- Born: Late 12th century Hampi
- Died: Early 13th century
- Occupations: Poet, writer
- Works: Harishchandra Kavya (magnum opus)

= Raghavanka =

12th-century Kannada poet

Rāghavānka was a noted Kannada writer and a poet in the Hoysala court who lived in the 13th century CE. He is the nephew of the famous Śaiva poet Harihara through the latter's sister, Rudrāṇi. Raghavanka is credited for popularizing the use of the native shatpadi metre (hexa metre, 6 line verse) in Kannada literature. His work, the Harīścandra Kāvya, composed in ṣaṭpadi metre, is a telling of the life of King Harishchandra. It is a well known story, and is considered one of the important classics of Kannada language. He was a nephew and protégé of the noted Early 12-century Kannada poet Harihara. Although the shatpadi metre tradition existed in Kannada literature prior to Raghavanka, Raghavanka inspired the usage of the flexible metre for generations of poets, both Shaiva (devotees of God Shiva) and Vaishnava (devotees of God Vishnu) to come.

==Writings==
- Harishchandra Kavya
- Siddharama charitra
- Somanatha charitra
- Viresvara charita
- Hariharamahatva
- Sarabha charitra

Although Harishchandra Kavya (c. 1200 or c. 1225) is Raghavanka's magnum opus, it was rejected by his guru, poet Harihara (or Harisvara). In some ways, Raghavanka's writing surpasses his guru's talent, especially in describing characters in his story. Legend has it that his guru was aghast at Raghavanka Pandita, a devotee of Hindu God Shiva, for writing about ordinary mortals (such as King Harishchandra). According to the same legend, five of Raghavanka's teeth "fell off instantly" for going against his guru's wishes. In order to expiate his sin, he authored five writings eulogising saints, one for each fallen tooth, and the teeth "returned one by one". According to another source, Raghavanka's guru physically abused him, punishing him for wasting his poetic talent in eulogising a mere mortal. These five writings are the Siddharama charitra (or Siddharama Purana), a eulogy of the dynamic and compassionate 12th century Veerashiava saint Siddharama of Sonnalige which brings out a larger-than-life image of the saint in a simple yet stylistic narrative; the Somanatha charitra, a propagandist work which describes the life of saint Somayya (or Adaiah) of Puligere, his humiliation after being lured by the charms of a Jain girl, and his achievement of successfully converting a Jain temple into a Shiva temple; the Viresvara charita, a dramatic story of the blind wrath of a Shaiva warrior Virabhadra; the Hariharamahatva, a eulogy of Harisvara of Hampi, and Sarabha charitra, the last two works now considered lost.

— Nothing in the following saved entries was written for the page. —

(* Let $\gamma$ be a $q$-curve with winding number $k$. Then: (a) if $q>1$, then $k\neq0$; (b) $q$ and $k$ are relatively prime; (c) if $\zeta$ is another $q$-curve (same $q$) whose point set does not intersect that of $\gamma$, then $\zeta$ has the same winding number $k$.
   Context: $\mathbb{T}^1=\mathbb{R}/\mathbb{Z}$, $\mathbb{T}^2=\mathbb{T}^1\times\mathbb{T}^1$. Let $q\in\mathbb{N}$. A $q$-curve is given by a continuous function $\hat\gamma:\mathbb{R}\to\mathbb{R}$ such that for some $k\in\mathbb{Z}$: $\hat\gamma(\hat\theta+q)-\hat\gamma(\hat\theta)=k$ for all $\hat\theta\in\mathbb{R}$, and $\hat\gamma(\hat\theta+l)-\hat\gamma(\hat\theta)\notin\mathbb{Z}$ for all $\hat\theta\in\mathbb{R}$ and all $1\le l<q$. The $q$-curve itself is the $q$-valued graph $\gamma=(\gamma_1,\dots,\gamma_q)$ on $\mathbb{T}^1$, $\gamma_i(\theta)=\hat\gamma(\hat\theta+i-1)\bmod1$ where $\hat\theta\in[0,1)$ represents $\theta$; equivalently its point set is $\Gamma=\{(\hat\theta\bmod1,\hat\gamma(\hat\theta)\bmod1):\hat\theta\in\mathbb{R}\}\subseteq\mathbb{T}^2$. Any such $\hat\gamma$ projecting onto $\Gamma$ is called a lift of $\gamma$, and the integer $k$ (independent of the lift) is the winding number of $\gamma$. *)

From Stdlib Require Import Reals ZArith.
Open Scope R_scope.

Definition is_int (x : R) : Prop := exists m : Z, x = IZR m.

Definition is_qcurve_lift (q : nat) (k : Z) (g : R -> R) : Prop :=
  (1 <= q)%nat /\
  continuity g /\
  (forall t : R, g (t + INR q) - g t = IZR k) /\
  (forall (t : R) (l : nat), (1 <= l)%nat -> (l < q)%nat -> ~ is_int (g (t + INR l) - g t)).

(* The point sets {(t mod 1, g t mod 1)} and {(s mod 1, z s mod 1)} in T^2
   are disjoint: no t, s with t ≡ s and g t ≡ z s (mod 1). *)
Definition point_sets_disjoint (g z : R -> R) : Prop :=
  forall t s : R, ~ (is_int (t - s) /\ is_int (g t - z s)).

(** A continuous real function that never takes an integer value stays inside
    one interval (m, m+1), by the intermediate value theorem.  Applied to
    t |-> g(t + l) - g t with q = l d and d = gcd(q, k) >= 2, telescoping d such
    increments gives k = g(q) - g(0) strictly between d m and d (m + 1), which is
    impossible since d divides k; hence q and k are coprime, and in particular
    k <> 0 when q > 1.  Applied to the difference g - z of lifts of disjoint
    q-curves, it shows that k - k' = (g - z)(q) - (g - z)(0) has absolute value
    below 1, hence vanishes. *)

From Stdlib Require Import Reals ZArith Lra Lia Psatz.
Open Scope R_scope.

Lemma continuity_stays_below (f : R -> R) (c a b : R) :
  continuity f -> (forall x, f x <> c) -> f a < c -> f b < c.
Proof.
  intros Hf Hc Ha.
  destruct (Rlt_le_dec (f b) c) as [Hb | Hb]; [exact Hb | exfalso].
  assert (Hb' : c < f b) by (destruct Hb as [Hb | Hb]; [exact Hb | now destruct (Hc b)]).
  assert (Hconst : continuity (fun _ => c)) by now apply continuity_const.
  destruct (Rtotal_order a b) as [Hab | [Hab | Hab]].
  - destruct (IVT (fun x => f x - c) a b (continuity_minus _ _ Hf Hconst) Hab)
      as [x [_ Hx]]; cbn; [lra | lra |].
    apply (Hc x); lra.
  - subst; lra.
  - destruct (IVT (fun x => c - f x) b a (continuity_minus _ _ Hconst Hf) Hab)
      as [x [_ Hx]]; cbn; [lra | lra |].
    apply (Hc x); lra.
Qed.

Lemma continuity_stays_above (f : R -> R) (c a b : R) :
  continuity f -> (forall x, f x <> c) -> c < f a -> c < f b.
Proof.
  intros Hf Hc Ha.
  enough (- f b < - c) by lra.
  apply (continuity_stays_below (fun x => - f x) (- c) a);
    [now apply continuity_opp | intros x E; apply (Hc x); lra | lra].
Qed.

Lemma continuity_noninteger_range (f : R -> R) :
  continuity f -> (forall x, ~ is_int (f x)) ->
  exists m : Z, forall x, IZR m < f x < IZR m + 1.
Proof.
  intros Hf Hint.
  assert (Hval : forall (n : Z) x, f x <> IZR n) by (intros n x E; apply (Hint x); now exists n).
  exists (Zfloor (f 0)).
  destruct (Zfloor_bound (f 0)) as [Hlo Hhi].
  assert (Hlo' : IZR (Zfloor (f 0)) < f 0)
    by (destruct Hlo as [Hlo | Hlo]; [exact Hlo | now destruct (Hval (Zfloor (f 0)) 0)]).
  intro x; split.
  - exact (continuity_stays_above f _ 0 x Hf (Hval _) Hlo').
  - rewrite <- plus_IZR.
    apply (continuity_stays_below f _ 0 x Hf (Hval _)); rewrite plus_IZR; exact Hhi.
Qed.

Lemma continuity_shift_difference (g : R -> R) (a : R) :
  continuity g -> continuity (fun t => g (t + a) - g t).
Proof.
  intros Hg.
  apply continuity_minus; [intro t | exact Hg].
  apply (continuity_pt_comp (fun t => t + a) g); [| apply Hg].
  apply continuity_pt_plus;
    [apply derivable_continuous_pt, derivable_pt_id | now apply continuity_pt_const].
Qed.

Lemma increments_bounded_iter (g : R -> R) (a lo hi t : R) (m : nat) :
  (forall s, lo < g (s + a) - g s < hi) -> (1 <= m)%nat ->
  INR m * lo < g (t + INR m * a) - g t < INR m * hi.
Proof.
  intros Hstep Hm.
  destruct m as [| j]; [lia | clear Hm].
  induction j as [| j IH].
  - rewrite !Rmult_1_l; apply Hstep.
  - specialize (Hstep (t + INR (S j) * a)).
    replace (t + INR (S (S j)) * a) with (t + INR (S j) * a + a)
      by (rewrite (S_INR (S j)); ring).
    rewrite (S_INR (S j)); lra.
Qed.

Lemma qcurve_lift_common_divisor (q : nat) (k : Z) (g : R -> R) (l d : nat) (c : Z) :
  is_qcurve_lift q k g -> q = (l * d)%nat -> k = (Z.of_nat d * c)%Z -> d = 1%nat.
Proof.
  intros [Hq [Hg [Hper Hnoint]]] Hqld Hkdc.
  destruct (Nat.eq_dec d 1) as [| Hd1]; [assumption | exfalso].
  assert (Hd : (2 <= d)%nat) by (destruct d as [| [|]]; [rewrite Nat.mul_0_r in Hqld |..]; lia).
  assert (Hl : (1 <= l < q)%nat) by nia.
  destruct (continuity_noninteger_range (fun t => g (t + INR l) - g t))
    as [m Hm]; [now apply continuity_shift_difference | intro t; apply Hnoint; lia |].
  destruct (increments_bounded_iter g (INR l) (IZR m) (IZR m + 1) 0 d Hm) as [Hlo Hhi];
    [lia |].
  rewrite <- mult_INR, Nat.mul_comm, <- Hqld, Hper, Hkdc, INR_IZR_INZ in Hlo, Hhi.
  rewrite <- mult_IZR in Hlo; rewrite <- plus_IZR, <- mult_IZR in Hhi.
  apply lt_IZR in Hlo; apply lt_IZR in Hhi.
  assert (Hd0 : (0 < Z.of_nat d)%Z) by lia.
  apply (Z.mul_lt_mono_pos_l _ _ _ Hd0) in Hlo, Hhi; lia.
Qed.

Lemma qcurve_lift_coprime (q : nat) (k : Z) (g : R -> R) :
  is_qcurve_lift q k g -> Z.gcd (Z.of_nat q) k = 1%Z.
Proof.
  intros Hlift.
  destruct (Z.gcd_divide_l (Z.of_nat q) k) as [L HL].
  destruct (Z.gcd_divide_r (Z.of_nat q) k) as [c Hc].
  pose proof (Z.gcd_nonneg (Z.of_nat q) k) as Hd.
  set (d := Z.gcd (Z.of_nat q) k) in *.
  assert (HL0 : (0 <= L)%Z) by (destruct Hlift; nia).
  enough (Z.to_nat d = 1%nat) by lia.
  apply (qcurve_lift_common_divisor q k g (Z.to_nat L) _ c Hlift).
  - apply Nat2Z.inj; rewrite Nat2Z.inj_mul, !Z2Nat.id; assumption.
  - rewrite Z2Nat.id; lia.
Qed.

Lemma qcurve_lift_winding_nonzero (q : nat) (k : Z) (g : R -> R) :
  is_qcurve_lift q k g -> (1 < q)%nat -> k <> 0%Z.
Proof.
  intros Hlift Hq ->.
  pose proof (qcurve_lift_coprime q 0 g Hlift) as Hgcd.
  rewrite Z.gcd_0_r in Hgcd; lia.
Qed.

Lemma disjoint_qcurve_lifts_same_winding (q : nat) (k k' : Z) (g z : R -> R) :
  is_qcurve_lift q k g -> is_qcurve_lift q k' z -> point_sets_disjoint g z -> k' = k.
Proof.
  intros [_ [Hg [Hgper _]]] [_ [Hz [Hzper _]]] Hdisj.
  destruct (continuity_noninteger_range (fun s => g s - z s)) as [m Hm].
  - now apply continuity_minus.
  - intros s Hint; apply (Hdisj s s); split; [exists 0%Z; cbn; ring | exact Hint].
  - pose proof (Hm 0) as H0; pose proof (Hm (0 + INR q)) as Hq.
    specialize (Hgper 0); specialize (Hzper 0).
    assert (Hlo : IZR (-1) < IZR (k - k')) by (rewrite minus_IZR; lra).
    assert (Hhi : IZR (k - k') < IZR 1) by (rewrite minus_IZR; lra).
    apply lt_IZR in Hlo; apply lt_IZR in Hhi; lia.
Qed.

Theorem mainTheorem2 (q : nat) (k : Z) (g : R -> R) :
  is_qcurve_lift q k g ->
  ((1 < q)%nat -> k <> 0%Z) /\
  Z.gcd (Z.of_nat q) k = 1%Z /\
  (forall (k' : Z) (z : R -> R),
      is_qcurve_lift q k' z -> point_sets_disjoint g z -> k' = k).
Proof.
  intros Hlift; split; [| split].
  - exact (qcurve_lift_winding_nonzero q k g Hlift).
  - exact (qcurve_lift_coprime q k g Hlift).
  - intros k' z Hz Hdisj; exact (disjoint_qcurve_lifts_same_winding q k k' g z Hlift Hz Hdisj).
Qed.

===Harishchandra Kavya ===
In the Harishchandra Kavya, Raghavanka brings out the clash of personalities with lively dialogues; between sage Vishvamitra and sage Vashishta, between Harishchandra and Vishvamitra and between Harishchandra and the "unreal" girls ("dancing girls"). Also narrated is Harishchandra's fidelity to truth against all odds and the redemption of Harishchandra after being rescued by an untouchable he had once rejected. According to professor L. S. Sheshagiri Rao of the Sahitya Akademi, in no other language has the story of King Harishchandra been dealt with this interpretation. The writing is original both in tradition and inspiration fully utilizing the potential of the shatpadi metre. One piece of elegiac verse, written in the mandanila ragele metre (rhymed couplets) is the mourning of Chandramati over the death of her young son Lohitashva from snake bite, while gathering firewood for his Brahmin taskmaster. The poem has remained popular for centuries and is recited by Gamakis (narration of story accompanied by music).